A well-known argument in relation to biodiversity loss and other negative ecological impacts of monoculture is the land-sparing impact of modern farming practices, which refers to the trade-off of the amount of land that needs to go into production according to different levels of productivity. For example, if yields of the six major crop groups that are cultivated on 80 percent of the total cultivated land area had remained at yield levels farmers achieved in 1961, it would require an additional 1.4 billion hectares of land to meet global food demand in 2004. The key ecological question is therefore whether environmental services other than food production at regional and global scales would be enhanced by focusing food production on less land under intensive management with high yields, versus expanding cultivated area in lower-yielding systems that use farming practices that seek to preserve environmental services at the field and local levels. Although there are many case studies that challenge the productivity argument of the Green Revolution and provide case studies for the high productivity of small-scale farms, mixed cropping, and mixed farming systems, this argument needs further research, since these systems have mainly been neglected by previous research priorities.

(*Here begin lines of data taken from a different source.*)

(* Leibniz 2-algebra (V_{-1},V_0,d,l2,l3) with l2 given by its components *)
Definition Leibniz2 (d : V1 -> V0) (c00 : V0 -> V0 -> V0) (c01 : V0 -> V1 -> V1)
  (c10 : V1 -> V0 -> V1) (l3 : V0 -> V0 -> V0 -> V1) : Prop :=
  Rlinear d /\
  (forall x, Rlinear (c00 x)) /\ (forall y, Rlinear (fun x => c00 x y)) /\
  (forall x, Rlinear (c01 x)) /\ (forall m, Rlinear (fun x => c01 x m)) /\
  (forall m, Rlinear (c10 m)) /\ (forall x, Rlinear (fun m => c10 m x)) /\
  (forall x y, Rlinear (l3 x y)) /\ (forall x z, Rlinear (fun y => l3 x y z)) /\
  (forall y z, Rlinear (fun x => l3 x y z)) /\
  (forall x m, d (c01 x m) = c00 x (d m)) /\
  (forall m x, d (c10 m x) = c00 (d m) x) /\
  (forall m n, c01 (d m) n = c10 m (d n)) /\
  (* (d) *) (forall x y z,
     d (l3 x y z) = c00 x (c00 y z) - c00 (c00 x y) z - c00 y (c00 x z)) /\
  (* (e1) *) (forall x y m,
     l3 x y (d m) = c01 x (c01 y m) - c01 (c00 x y) m - c01 y (c01 x m)) /\
  (forall x y m,
     l3 x (d m) y = c01 x (c10 m y) - c10 (c01 x m) y - c10 m (c00 x y)) /\
  (forall x y m,
     l3 (d m) x y = c10 m (c00 x y) - c10 (c10 m x) y - c01 x (c10 m y)) /\
  (* (f) *) (forall w x y z,
     c01 w (l3 x y z) - c01 x (l3 w y z) + c01 y (l3 w x z) + c10 (l3 w x y) z
     - l3 (c00 w x) y z - l3 x (c00 w y) z - l3 x y (c00 w z)
     + l3 w (c00 x y) z + l3 w y (c00 x z) - l3 w x (c00 y z) = 0).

Other critical arguments can be summarized as critiques of the mindset behind monoculture and its rationale, which is related to concepts of elimination of diversity not only in regard to nature, but overall. This approach would replace principles of diversity with principles of intolerance and exclusion by prioritizing commercial interests over ecological integration, by ignoring the relation between ecological diversity and the diversity of livelihoods, cultures, and belief systems. This is supported by the fact that the establishment of large-scale monocultures like cotton plantations in the United States, Africa, and India were only possible on the basis of slavery and colonialism, perpetuated by international corporations until today. These corporations externalize harmful side-effects like contamination by chemicals and soil erosions to adjacent areas that are considered peripheries, or to future generations, leaving the farmer without any freedom of choice. For this reason, national action plans of many countries aim at the reduction of monocultures, since there is doubt that sustainable monocultures will ever exist.

Bibliography:

  1. Miguel Altieri, “The Ecological Role of Biodiversity in Agroecosystems,” Agriculture, Ecosystems and Environment (v.74, 1999);
  2. R. Conway and J.N. Pretty, Unwelcome Harvest: Agriculture and Pollution (Earthscan Publications, 1991);
  3. K. Duraiappah and Shahid Naeem, Millennium Ecosystem Assessment: Ecosystems and Human Well-Being: Biodiversity Synthesis (World Resources Institute, 2005);
  4. V.H. Heywood and T. Watson, Global Biodiversity Assessment (Cambridge University Press, 1995);
  5. Andrew Kimbrell, , Fatal Harvest: The Tragedy of Industrial Agriculture (Foundation for Deep Ecology, 2002);
  6. Vandana Shiva, Monocultures of the Mind: Perspectives on Biodiversity and Biotechnology (Palgrave MacMillan, 1983).